[[ GIVEN ENTRIES open ]]

(* If every degree in G[U] is below (p+1)(k+1), the colour classes of an
   optimal colouring with p+1 colours are k-independent, and the largest one
   has at least |U|/(p+1) vertices. *)
Lemma large_kindep_class (U : {set T}) (k : nat) :
  (forall x, x \in U -> #|nbhd e U x| < p.+1 * k.+1) ->
  exists S, kindep e k S /\ #|U| <= p.+1 * #|S|.
Proof.
move=> Hdeg.
have [f _ fmin] := @arg_minnP _ [ffun _ => ord0] xpredT (mono_sum U) isT.
have [j Hj] := averaging_high (fun j => #|[set y in U | f y == j]|).
rewrite card_colour_classes in Hj.
exists [set y in U | f y == j]; split => //.
apply/forallP => x; apply/implyP; rewrite inE => /andP [xU /eqP fx].
have -> : #|[set y in [set y0 in U | f y0 == j] | e x y]| = mono_deg U f x.
  apply: eq_card => y; rewrite !inE fx.
  by case: (y \in U); case: (f y == j); case: (e x y).
have := optimal_colouring_sparse (fun g => fmin g isT) xU; have := Hdeg x xU.
nia.
Qed.

End Colourings.

Section CountingBound.
Variables (T : finType) (e : rel T) (k : nat).
Hypothesis sg : simple_graph e.

Definition bounded_by (q : nat) (U : {set T}) : Prop :=
  exists S, kindep e k S /\
    2 * k.+1 * q.+1 * #|U| <= k.+1 * q.+1 * q.+2 * #|S| + degsum e U.

Lemma bounded_by_delete q (U : {set T}) (v : T) :
  v \in U -> q.+1 * k.+1 <= #|nbhd e U v| -> bounded_by q (U :\ v) -> bounded_by q U.
Proof.
move=> vU Hv [S [HS Hb]]; exists S; split => //.
rewrite (degsum_delete sg vU) (cardsD1 v U) vU add1n mulnS.
move: Hb Hv; set N := #|U :\ v|; set D := degsum e (U :\ v); nia.
Qed.

Lemma bounded_by_colouring q (U : {set T}) :
  (forall x, x \in U -> #|nbhd e U x| < q.+1 * k.+1) ->
  q * k.+1 * #|U| <= degsum e U -> bounded_by q U.
Proof.
move=> Hdeg HD; have [S [HS HSc]] := large_kindep_class sg Hdeg.
exists S; split => //.
have := leq_mul (leqnn (k.+1 * q.+2)) HSc.
move: HD; set N := #|U|; set s := #|S|; set D := degsum e U; nia.
Qed.

Lemma bounded_by_pred q (U : {set T}) :
  degsum e U < q * k.+1 * #|U| -> bounded_by q.-1 U -> bounded_by q U.
Proof.
case: q => [|q] /= HD [S [HS Hb]]; first by rewrite mul0n mul0n in HD.
exists S; split => //.
have H3 := leq_mul (leqnn q.+3) Hb.
rewrite -(leq_pmul2l (ltn0Sn q)).
move: HD H3; set N := #|U|; set s := #|S|; set D := degsum e U; nia.
Qed.

Lemma bounded_by_step q :
  (0 < q -> forall U, bounded_by q.-1 U) -> forall U, bounded_by q U.
Proof.
move=> IHq U; have [n] := ubnP #|U|; elim: n U => // n IHn U /ltnSE HU.
have [/existsP [v /andP [vU Hv]]|/existsPn Hlow] :=
  boolP [exists v in U, q.+1 * k.+1 <= #|nbhd e U v|].
  apply: (bounded_by_delete vU Hv); apply: IHn.
  by move: HU; rewrite (cardsD1 v U) vU.
have Hdeg : forall x, x \in U -> #|nbhd e U x| < q.+1 * k.+1.
  by move=> x xU; move: (Hlow x); rewrite xU ltnNge.
have [HD|HD] := leqP (q * k.+1 * #|U|) (degsum e U).
  exact: bounded_by_colouring.
apply: (bounded_by_pred HD (IHq _ U)).
by move: HD; case: (q).
Qed.

Lemma bounded_by_all q (U : {set T}) : bounded_by q U.
Proof. by elim: q U => [|q IHq]; apply: bounded_by_step. Qed.

End CountingBound.

Lemma kindep_le_alpha (T : finType) (e : rel T) k (S : {set T}) :
  kindep e k S -> #|S| <= alpha_k e k.
Proof. exact: (@leq_bigmax_cond _ (kindep e k) (fun S => #|S|) S). Qed.

Section LowerBounds.
Local Open Scope ring_scope.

[[ GIVEN ENTRIES closed ]]

Output the full listing. Match it exactly.

(* If every degree in G[U] is below (p+1)(k+1), the colour classes of an
   optimal colouring with p+1 colours are k-independent, and the largest one
   has at least |U|/(p+1) vertices. *)
Lemma large_kindep_class (U : {set T}) (k : nat) :
  (forall x, x \in U -> #|nbhd e U x| < p.+1 * k.+1) ->
  exists S, kindep e k S /\ #|U| <= p.+1 * #|S|.
Proof.
move=> Hdeg.
have [f _ fmin] := @arg_minnP _ [ffun _ => ord0] xpredT (mono_sum U) isT.
have [j Hj] := averaging_high (fun j => #|[set y in U | f y == j]|).
rewrite card_colour_classes in Hj.
exists [set y in U | f y == j]; split => //.
apply/forallP => x; apply/implyP; rewrite inE => /andP [xU /eqP fx].
have -> : #|[set y in [set y0 in U | f y0 == j] | e x y]| = mono_deg U f x.
  apply: eq_card => y; rewrite !inE fx.
  by case: (y \in U); case: (f y == j); case: (e x y).
have := optimal_colouring_sparse (fun g => fmin g isT) xU; have := Hdeg x xU.
nia.
Qed.

End Colourings.

Section CountingBound.
Variables (T : finType) (e : rel T) (k : nat).
Hypothesis sg : simple_graph e.

Definition bounded_by (q : nat) (U : {set T}) : Prop :=
  exists S, kindep e k S /\
    2 * k.+1 * q.+1 * #|U| <= k.+1 * q.+1 * q.+2 * #|S| + degsum e U.

Lemma bounded_by_delete q (U : {set T}) (v : T) :
  v \in U -> q.+1 * k.+1 <= #|nbhd e U v| -> bounded_by q (U :\ v) -> bounded_by q U.
Proof.
move=> vU Hv [S [HS Hb]]; exists S; split => //.
rewrite (degsum_delete sg vU) (cardsD1 v U) vU add1n mulnS.
move: Hb Hv; set N := #|U :\ v|; set D := degsum e (U :\ v); nia.
Qed.

Lemma bounded_by_colouring q (U : {set T}) :
  (forall x, x \in U -> #|nbhd e U x| < q.+1 * k.+1) ->
  q * k.+1 * #|U| <= degsum e U -> bounded_by q U.
Proof.
move=> Hdeg HD; have [S [HS HSc]] := large_kindep_class sg Hdeg.
exists S; split => //.
have := leq_mul (leqnn (k.+1 * q.+2)) HSc.
move: HD; set N := #|U|; set s := #|S|; set D := degsum e U; nia.
Qed.

Lemma bounded_by_pred q (U : {set T}) :
  degsum e U < q * k.+1 * #|U| -> bounded_by q.-1 U -> bounded_by q U.
Proof.
case: q => [|q] /= HD [S [HS Hb]]; first by rewrite mul0n mul0n in HD.
exists S; split => //.
have H3 := leq_mul (leqnn q.+3) Hb.
rewrite -(leq_pmul2l (ltn0Sn q)).
move: HD H3; set N := #|U|; set s := #|S|; set D := degsum e U; nia.
Qed.

Lemma bounded_by_step q :
  (0 < q -> forall U, bounded_by q.-1 U) -> forall U, bounded_by q U.
Proof.
move=> IHq U; have [n] := ubnP #|U|; elim: n U => // n IHn U /ltnSE HU.
have [/existsP [v /andP [vU Hv]]|/existsPn Hlow] :=
  boolP [exists v in U, q.+1 * k.+1 <= #|nbhd e U v|].
  apply: (bounded_by_delete vU Hv); apply: IHn.
  by move: HU; rewrite (cardsD1 v U) vU.
have Hdeg : forall x, x \in U -> #|nbhd e U x| < q.+1 * k.+1.
  by move=> x xU; move: (Hlow x); rewrite xU ltnNge.
have [HD|HD] := leqP (q * k.+1 * #|U|) (degsum e U).
  exact: bounded_by_colouring.
apply: (bounded_by_pred HD (IHq _ U)).
by move: HD; case: (q).
Qed.

Lemma bounded_by_all q (U : {set T}) : bounded_by q U.
Proof. by elim: q U => [|q IHq]; apply: bounded_by_step. Qed.

End CountingBound.

Lemma kindep_le_alpha (T : finType) (e : rel T) k (S : {set T}) :
  kindep e k S -> #|S| <= alpha_k e k.
Proof. exact: (@leq_bigmax_cond _ (kindep e k) (fun S => #|S|) S). Qed.

Section LowerBounds.
Local Open Scope ring_scope.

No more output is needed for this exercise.